• Work instructions: Reproduce the lines from the one holding "Definition tau (x" to the end of the entries. Include both ends and change nothing.

[Dataset entries]
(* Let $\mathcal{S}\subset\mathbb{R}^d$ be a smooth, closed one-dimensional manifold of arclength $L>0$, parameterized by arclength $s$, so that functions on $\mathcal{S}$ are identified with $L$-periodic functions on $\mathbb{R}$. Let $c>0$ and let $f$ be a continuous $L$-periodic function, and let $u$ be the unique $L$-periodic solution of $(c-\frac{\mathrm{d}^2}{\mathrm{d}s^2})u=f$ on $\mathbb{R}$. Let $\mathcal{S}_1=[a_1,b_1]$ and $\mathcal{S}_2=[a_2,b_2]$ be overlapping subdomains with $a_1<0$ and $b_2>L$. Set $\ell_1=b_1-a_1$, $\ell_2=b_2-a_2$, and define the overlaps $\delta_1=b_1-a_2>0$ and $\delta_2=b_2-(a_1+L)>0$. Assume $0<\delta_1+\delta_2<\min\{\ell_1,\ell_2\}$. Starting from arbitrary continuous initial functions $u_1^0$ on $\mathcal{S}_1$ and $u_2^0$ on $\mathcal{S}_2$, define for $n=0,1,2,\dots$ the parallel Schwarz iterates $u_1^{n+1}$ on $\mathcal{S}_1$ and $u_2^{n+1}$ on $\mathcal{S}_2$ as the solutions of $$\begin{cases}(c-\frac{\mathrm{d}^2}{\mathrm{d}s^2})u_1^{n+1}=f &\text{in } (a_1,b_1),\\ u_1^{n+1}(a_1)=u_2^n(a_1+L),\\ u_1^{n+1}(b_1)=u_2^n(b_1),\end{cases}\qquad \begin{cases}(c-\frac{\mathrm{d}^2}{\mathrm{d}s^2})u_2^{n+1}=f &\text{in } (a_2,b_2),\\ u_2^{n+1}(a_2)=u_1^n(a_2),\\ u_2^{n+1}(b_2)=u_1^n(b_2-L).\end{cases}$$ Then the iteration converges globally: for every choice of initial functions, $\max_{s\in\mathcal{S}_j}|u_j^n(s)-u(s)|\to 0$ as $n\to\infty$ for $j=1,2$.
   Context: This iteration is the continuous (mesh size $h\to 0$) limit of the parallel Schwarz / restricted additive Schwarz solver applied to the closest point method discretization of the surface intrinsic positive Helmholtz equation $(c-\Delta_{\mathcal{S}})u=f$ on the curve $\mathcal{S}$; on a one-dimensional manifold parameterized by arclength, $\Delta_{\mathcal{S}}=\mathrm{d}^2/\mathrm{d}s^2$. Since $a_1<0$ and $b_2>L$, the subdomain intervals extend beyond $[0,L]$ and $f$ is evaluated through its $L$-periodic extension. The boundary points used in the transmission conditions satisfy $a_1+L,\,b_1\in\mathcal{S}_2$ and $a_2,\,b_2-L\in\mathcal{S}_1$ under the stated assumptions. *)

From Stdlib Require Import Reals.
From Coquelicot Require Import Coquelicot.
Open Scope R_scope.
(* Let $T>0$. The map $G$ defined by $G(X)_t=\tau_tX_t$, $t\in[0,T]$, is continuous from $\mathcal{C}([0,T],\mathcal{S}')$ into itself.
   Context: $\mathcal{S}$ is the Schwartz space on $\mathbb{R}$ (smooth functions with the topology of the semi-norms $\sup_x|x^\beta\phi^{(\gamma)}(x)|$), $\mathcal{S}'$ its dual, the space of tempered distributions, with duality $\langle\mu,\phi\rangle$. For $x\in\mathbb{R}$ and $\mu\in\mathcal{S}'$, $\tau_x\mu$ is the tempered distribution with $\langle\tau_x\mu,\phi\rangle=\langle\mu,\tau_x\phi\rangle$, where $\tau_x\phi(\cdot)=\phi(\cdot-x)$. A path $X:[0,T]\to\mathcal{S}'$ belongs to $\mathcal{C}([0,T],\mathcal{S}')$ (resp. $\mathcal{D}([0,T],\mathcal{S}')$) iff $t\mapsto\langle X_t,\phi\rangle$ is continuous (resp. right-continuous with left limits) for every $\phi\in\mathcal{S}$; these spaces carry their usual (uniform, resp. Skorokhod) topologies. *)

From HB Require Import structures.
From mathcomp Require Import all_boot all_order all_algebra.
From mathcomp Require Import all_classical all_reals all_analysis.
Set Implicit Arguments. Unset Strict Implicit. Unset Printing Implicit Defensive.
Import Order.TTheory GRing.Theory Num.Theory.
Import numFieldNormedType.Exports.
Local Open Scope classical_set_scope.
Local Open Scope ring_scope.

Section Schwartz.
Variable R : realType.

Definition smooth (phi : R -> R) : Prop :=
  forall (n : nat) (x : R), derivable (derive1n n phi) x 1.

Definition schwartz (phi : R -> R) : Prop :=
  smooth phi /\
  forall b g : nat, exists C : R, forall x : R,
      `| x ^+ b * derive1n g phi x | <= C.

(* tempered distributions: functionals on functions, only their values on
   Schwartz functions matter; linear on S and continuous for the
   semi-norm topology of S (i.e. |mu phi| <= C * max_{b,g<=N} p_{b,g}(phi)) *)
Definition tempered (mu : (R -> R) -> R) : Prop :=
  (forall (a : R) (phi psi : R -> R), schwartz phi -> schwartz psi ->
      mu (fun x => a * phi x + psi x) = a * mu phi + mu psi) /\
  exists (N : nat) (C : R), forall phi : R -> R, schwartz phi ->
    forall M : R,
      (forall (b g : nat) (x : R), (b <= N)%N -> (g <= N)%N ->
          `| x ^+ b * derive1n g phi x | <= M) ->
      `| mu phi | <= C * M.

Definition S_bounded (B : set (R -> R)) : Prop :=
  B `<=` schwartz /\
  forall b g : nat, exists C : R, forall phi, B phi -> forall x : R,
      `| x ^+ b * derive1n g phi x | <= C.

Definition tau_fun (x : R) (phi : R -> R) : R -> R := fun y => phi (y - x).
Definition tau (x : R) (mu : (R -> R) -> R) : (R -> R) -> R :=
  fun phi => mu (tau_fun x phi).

• Final answer:
Definition tau (x : R) (mu : (R -> R) -> R) : (R -> R) -> R :=
  fun phi => mu (tau_fun x phi).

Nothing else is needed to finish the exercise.